§ **Try it**:
Every line of the entries below from the one containing "[hadd x y z]" to the one containing "hadd_nonempty : forall", both ends included, must be written out exactly. No other line belongs in the answer.

§ **Records to use**:
(* Let $\Re$ be a commutative Krasner hyperring with identity $1\ne0$, $\phi$ a hyperideal reduction and $\delta$ a hyperideal expansion on $L(\Re)$, and $\{M_i:i\in\Delta\}$ a directed family of $\phi$-$\delta$-primary hyperideals of $\Re$. Then $M=\bigcup_{i\in\Delta}M_i$ is a $\phi$-$\delta$-primary hyperideal of $\Re$.
   Context: Krasner hyperring: $(\Re,\oplus)$ canonical hypergroup, $(\Re,\circ)$ commutative semigroup with identity $1\ne0$, $0$ absorbing, distributive; hyperideals and $L(\Re)$ as usual. Reduction: $\phi(N)\subseteq N$, monotone, values in $L(\Re)\cup\{\emptyset\}$; expansion: $N\subseteq\delta(N)$, monotone. Directed family: for all $i,j$ there is $k$ with $M_i\cup M_j\subseteq M_k$. A proper hyperideal $N$ is $\phi$-$\delta$-primary if $a\circ b\in N$, $a\circ b\notin\phi(N)$ imply $a\in N$ or $b\in\delta(N)$. *)

Set Implicit Arguments.

(* Commutative Krasner hyperring with identity 1 <> 0.
   [hadd x y z] means  z \in x (+) y. *)
Record KrasnerHyperring := {
  car :> Type;
  hadd : car -> car -> car -> Prop;
  zero : car;
  one : car;
  neg : car -> car;
  mul : car -> car -> car;
  hadd_nonempty : forall x y, exists z, hadd x y z;
  hadd_assoc : forall x y z w,
      (exists u, hadd x y u /\ hadd u z w) <-> (exists v, hadd y z v /\ hadd x v w);
  hadd_comm : forall x y z, hadd x y z <-> hadd y x z;
  hadd_zero : forall x z, hadd zero x z <-> z = x;
  neg_inv : forall x, hadd x (neg x) zero;
  neg_unique : forall x y, hadd x y zero -> y = neg x;
  hadd_rev : forall x y z, hadd x y z -> hadd z (neg y) x /\ hadd (neg x) z y;
  mul_assoc : forall x y z, mul x (mul y z) = mul (mul x y) z;
  mul_comm : forall x y, mul x y = mul y x;
  mul_one : forall x, mul one x = x;
  one_neq_zero : one <> zero;
  mul_zero : forall x, mul zero x = zero;
  mul_hadd : forall a x y w,
      (exists z, hadd x y z /\ w = mul a z) <-> hadd (mul a x) (mul a y) w
}.

Section Defs.
Variable R : KrasnerHyperring.

Definition subset (A B : R -> Prop) : Prop := forall x, A x -> B x.

Definition hyperideal (N : R -> Prop) : Prop :=
  (exists x, N x) /\
  (forall a b z, N a -> N b -> hadd R a (neg R b) z -> N z) /\
  (forall r a, N a -> N (mul R r a)).

Definition proper (N : R -> Prop) : Prop := exists x, ~ N x.

Definition empty_set (x : R) : Prop := False.

Definition reduction (phi : (R -> Prop) -> (R -> Prop)) : Prop :=
  (forall N, hyperideal N -> subset (phi N) N) /\
  (forall N K, hyperideal N -> hyperideal K -> subset N K -> subset (phi N) (phi K)) /\
  (forall N, hyperideal N -> hyperideal (phi N) \/ (forall x, ~ phi N x)).

Definition expansion (delta : (R -> Prop) -> (R -> Prop)) : Prop :=
  (forall N, hyperideal N -> subset N (delta N)) /\
  (forall N K, hyperideal N -> hyperideal K -> subset N K -> subset (delta N) (delta K)) /\
  (forall N, hyperideal N -> hyperideal (delta N)).

Definition phi_delta_primary (phi delta : (R -> Prop) -> (R -> Prop)) (N : R -> Prop) : Prop :=
  hyperideal N /\ proper N /\
  (forall a b, N (mul R a b) -> ~ phi N (mul R a b) -> N a \/ delta N b).

Definition directed (I : Type) (M : I -> R -> Prop) : Prop :=
  forall i j, exists k, subset (M i) (M k) /\ subset (M j) (M k).

Definition bigunion (I : Type) (M : I -> R -> Prop) (x : R) : Prop := exists i, M i x.

End Defs.

Arguments subset {R}.
Arguments hyperideal {R}.
Arguments proper {R}.
Arguments reduction {R}.
Arguments expansion {R}.
Arguments phi_delta_primary {R}.
Arguments directed {R I}.
Arguments bigunion {R I}.


Set Implicit Arguments.
Unset Strict Implicit.

(* A product [a o b] lying in the union lies in some [M i]; the primary
   property of [M i] gives [a] in [M i] or [b] in [delta (M i)], and
   monotonicity of [phi] and [delta] transfers this to the union. The union
   is a hyperideal because directedness puts any two elements in a common
   [M k], and it is proper because no [M i] contains [1]. *)

Section Union.

Variable R : KrasnerHyperring.

Lemma subset_bigunion (I : Type) (M : I -> R -> Prop) (i : I) :
  subset (M i) (bigunion M).
Proof. intros x Hx. exists i. exact Hx. Qed.

Lemma hyperideal_one_full (N : R -> Prop) :
  hyperideal N -> N (one R) -> forall x, N x.
Proof.
  intros [_ [_ Hmul]] H1 x.
  rewrite <- (mul_one R x), mul_comm. apply Hmul. exact H1.
Qed.

Lemma proper_hyperideal_one (N : R -> Prop) :
  hyperideal N -> proper N -> ~ N (one R).
Proof.
  intros Hid [x Hx] H1. apply Hx. exact (hyperideal_one_full Hid H1 x).
Qed.

Lemma hyperideal_bigunion (I : Type) (i0 : I) (M : I -> R -> Prop) :
  directed M -> (forall i, hyperideal (M i)) -> hyperideal (bigunion M).
Proof.
  intros Hdir HM. split; [|split].
  - destruct (HM i0) as [[x Hx] _]. exists x, i0. exact Hx.
  - intros a b z [i Ha] [j Hb] Hz.
    destruct (Hdir i j) as [k [Hik Hjk]].
    destruct (HM k) as [_ [Hsub _]].
    exists k. exact (Hsub a b z (Hik a Ha) (Hjk b Hb) Hz).
  - intros r a [i Ha]. exists i. destruct (HM i) as [_ [_ Hmul]]. exact (Hmul r a Ha).
Qed.

Lemma proper_bigunion (I : Type) (M : I -> R -> Prop) :
  (forall i, hyperideal (M i) /\ proper (M i)) -> proper (bigunion M).
Proof.
  intros HM. exists (one R). intros [i H1].
  destruct (HM i) as [Hid Hprop]. exact (proper_hyperideal_one Hid Hprop H1).
Qed.

End Union.

Theorem mainTheorem17 (R : KrasnerHyperring)
  (phi delta : (R -> Prop) -> (R -> Prop))
  (Hphi : reduction phi) (Hdelta : expansion delta)
  (I : Type) (i0 : I) (M : I -> R -> Prop)
  (Hdir : directed M)
  (HM : forall i, phi_delta_primary phi delta (M i)) :
  phi_delta_primary phi delta (bigunion M).
Proof.
  destruct Hphi as [_ [phi_mono _]]. destruct Hdelta as [_ [delta_mono _]].
  assert (Hid : hyperideal (bigunion M)).
  { apply (hyperideal_bigunion i0 Hdir). intros i. apply (HM i). }
  split; [exact Hid | split].
  - apply proper_bigunion. intros i. destruct (HM i) as [Hi [Hp _]]. split; assumption.
  - intros a b [i Hab] Hnphi.
    destruct (HM i) as [Hi [_ Hprimary]].
    pose proof (@subset_bigunion R I M i) as Hsub.
    destruct (Hprimary a b Hab) as [Ha | Hb].
    + intros Hphi_i. exact (Hnphi (phi_mono _ _ Hi Hid Hsub _ Hphi_i)).
    + left. exact (Hsub a Ha).
    + right. exact (delta_mono _ _ Hi Hid Hsub b Hb).
Qed.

§ **Result of this exercise**:
   [hadd x y z] means  z \in x (+) y. *)
Record KrasnerHyperring := {
  car :> Type;
  hadd : car -> car -> car -> Prop;
  zero : car;
  one : car;
  neg : car -> car;
  mul : car -> car -> car;
  hadd_nonempty : forall x y, exists z, hadd x y z;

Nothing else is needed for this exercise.